Resistance emerges in severely ill patients

A recent report of linezolid resistance in five patients infected with vancomycin-resistant enterococci (VRE), included the following case descriptions:

Patient 1 — a 79-year-old man who underwent repair of an aortic aneurysm. He developed an abscess around the graft with bacteremia secondary to VRE. He was started on linezolid, but his blood cultures were persistently positive throughout therapy. The isolate tested on day 21 of therapy was intermediately resistant to linezolid. He was switched to quinupristin-dalfopristin and doxycycline. He died of uncertain causes nine weeks later.

Patient 2 — a 62-year-old kidney transplant patient who developed an empyema due to VRE. He required decortication and was treated with quinupristin-dalfopristin for 14 days, then was switched to linezolid. His initial VRE isolate was sensitive to both drugs. After finishing 40 days of linezolid, he developed a fistula and the pleural fluid grew linezolid-resistant VRE. He was changed back to quinupristin-dalfopristin and is currently in the intensive care unit for acute graft rejection.

Patient 3 — a 56-year-old man who developed a liver abscess complicating liver transplantation. Cultures from the abscess grew VRE. He received two three-week courses of linezolid until blood cultures grew linezolid-resistant VRE. He was then switched to quinupristin-dalfopristin. He developed multiorgan failure and died; no necropsy was done.

Patient 4 — a 24-year-old man with acute lymphoblastic leukemia, who became neutropenic and febrile after bone-marrow transplantation. Empirical broad-spectrum antibiotics were given for four weeks. All cultures were negative except a rectal swab that grew VRE. He received linezolid for four weeks and repeat cultures showed linezolid-resistant VRE.

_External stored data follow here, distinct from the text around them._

Lemma tail_int_eq f c : inI c -> tail_int f c = RInt f c 1.
Proof.
  intros Hc. unfold tail_int. apply RInt_ext. intros x Hx. rewrite clamp_id; auto.
  apply (inI_between c 1); auto; [unfold inI | ]; lra.
Qed.

Lemma lincomb_tail_int_affine k (g : nat -> R -> R) d a b :
  (forall l, (l < k)%nat -> cont_I (g l)) ->
  (forall c, interior c -> lincomb k d (fun l => tail_int (g l)) c + a * (1 - c) + b * (1 - c) ^ 2 = 0) ->
  forall c, interior c -> lincomb k d g c = - a - 2 * b + 2 * b * c.
Proof.
  intros Hg H c Hc.
  set (S0 := fun c => lincomb k d (fun l => tail_int (g l)) c + (a * (1 - c) + b * (1 - c) ^ 2)).
  assert (D1 : is_derive S0 c (sum_lt k (fun l => d l * - g l (clamp c)) + (a * (-1) + b * (- (2 * (1 - c)))))).
  { apply is_derive_plus_R.
    - apply is_derive_lincomb. intros l Hl. apply is_derive_tail_int, Hg, Hl.
    - auto_derive; auto. ring. }
  assert (D0 : is_derive S0 c 0).
  { apply is_derive_ext_loc with (fun _ => 0).
    - apply (locally_interval _ c (-1) 1); simpl; unfold interior in Hc; try lra.
      intros y Hy1 Hy2. unfold S0. rewrite <- Rplus_assoc, H; [reflexivity | unfold interior; lra].
    - apply (is_derive_const (K:=R_AbsRing) (V:=R_NormedModule)). }
  apply is_derive_unique in D0. apply is_derive_unique in D1. rewrite D0 in D1.
  rewrite clamp_id, (sum_lt_ext k _ (fun l => - (d l * g l c))), sum_lt_opp in D1
    by (intros; ring || (unfold interior, inI in *; lra)).
  rewrite lincomb_sum_lt. lra.
Qed.

Lemma tail_int_quadratic_independent k (g : nat -> R -> R) d a b :
  (forall i, (i < k)%nat -> inG0 (g i)) -> lin_indep_fin k (fun i => feven (g i)) ->
  (forall c, interior c -> lincomb k d (fun l => tail_int (g l)) c + a * (1 - c) + b * (1 - c) ^ 2 = 0) ->
  (forall l, (l < k)%nat -> d l = 0) /\ a = 0 /\ b = 0.
Proof.
  intros HG Hind H.
  assert (Hc : forall l, (l < k)%nat -> cont_I (g l)) by (intros; apply inG_cont, HG; auto).
  assert (Hm : inI (-1)) by (unfold inI; lra). assert (H1 : inI 1) by (unfold inI; lra).
  pose proof (lincomb_tail_int_affine k g d a b Hc H) as Haff.
  assert (Hal : - a - 2 * b = 0).
  { assert (E : RInt (lincomb k d g) (-1) 1 = 0)
      by (apply RInt_lincomb_zero; auto; intros l Hl; split; [auto | apply HG, Hl]).
    rewrite (RInt_ext _ (fun c => (- a - 2 * b) + (2 * b) * c)) in E.
    2: { intros x Hx. apply Haff. unfold interior. unfold Rmin, Rmax in Hx; destruct Rle_dec; lra. }
    rewrite RInt_plus_R, RInt_const_R, RInt_scal_R, RInt_id_sym in E
      by (apply ex_RInt_cont_I; auto using ex_RInt_const, cont_I_id, cont_I_const, cont_I_scal).
    simpl in E. lra. }
  assert (Hdl : forall l, (l < k)%nat -> d l = 0).
  { apply Hind. intros t Ht.
    destruct (Req_dec t 1) as [->|E]; [|destruct (Req_dec t (-1)) as [->|E']].
    - rewrite lincomb_sum_lt, (sum_lt_ext k _ (fun _ => 0)), sum_lt_zero; auto.
      intros l Hl. rewrite feven_inG_p1; [ring | apply HG, Hl].
    - rewrite lincomb_sum_lt, (sum_lt_ext k _ (fun _ => 0)), sum_lt_zero; auto.
      intros l Hl. rewrite feven_inG_m1; [ring | apply HG, Hl].
    - rewrite lincomb_sum_lt, (sum_lt_ext k _ (fun l => / 2 * (d l * g l t) + / 2 * (d l * g l (- t)))).
      2: { intros; unfold feven; field. }
      assert (E2 : forall n, sum_lt n (fun l => / 2 * (d l * g l t) + / 2 * (d l * g l (- t)))
                  = / 2 * lincomb n d g t + / 2 * lincomb n d g (- t))
        by (induction n; simpl; [ring | rewrite IHn; ring]).
      rewrite E2, !Haff by (unfold interior, inI in *; lra). lra. }
  assert (Hq : forall c, interior c -> a * (1 - c) + b * (1 - c) ^ 2 = 0).
  { intros c Hc'. pose proof (H c Hc') as E.
    rewrite lincomb_sum_lt, (sum_lt_ext k _ (fun _ => 0)), sum_lt_zero in E
      by (intros l Hl; rewrite Hdl; auto; ring). lra. }
  pose proof (Hq 0 ltac:(unfold interior; lra)). pose proof (Hq (1 / 2) ltac:(unfold interior; lra)).
  split; [exact Hdl | split; nra].
Qed.

Definition even_kinks (Th : dmeasure) (c : R) : R := dint Th (fun t => feven (ramp c) t).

Patient 5 — a 28-year-old man who had several liver abscesses after liver transplantation. Both wound and blood cultures grew VRE susceptible to quinupristin-dalfopristin and linezolid. He received four weeks of linezolid with a good clinical response. However, peritoneal washings before closure of his abdominal wound showed VRE resistant to linezolid.1

Reference

1. Gonzales RD, Schreckenberger PC, Graham MB, et al. Infections due to vancomycin-resistant Enterococcus faecium resistant to linezolid. Lancet 2001; 357:1,179.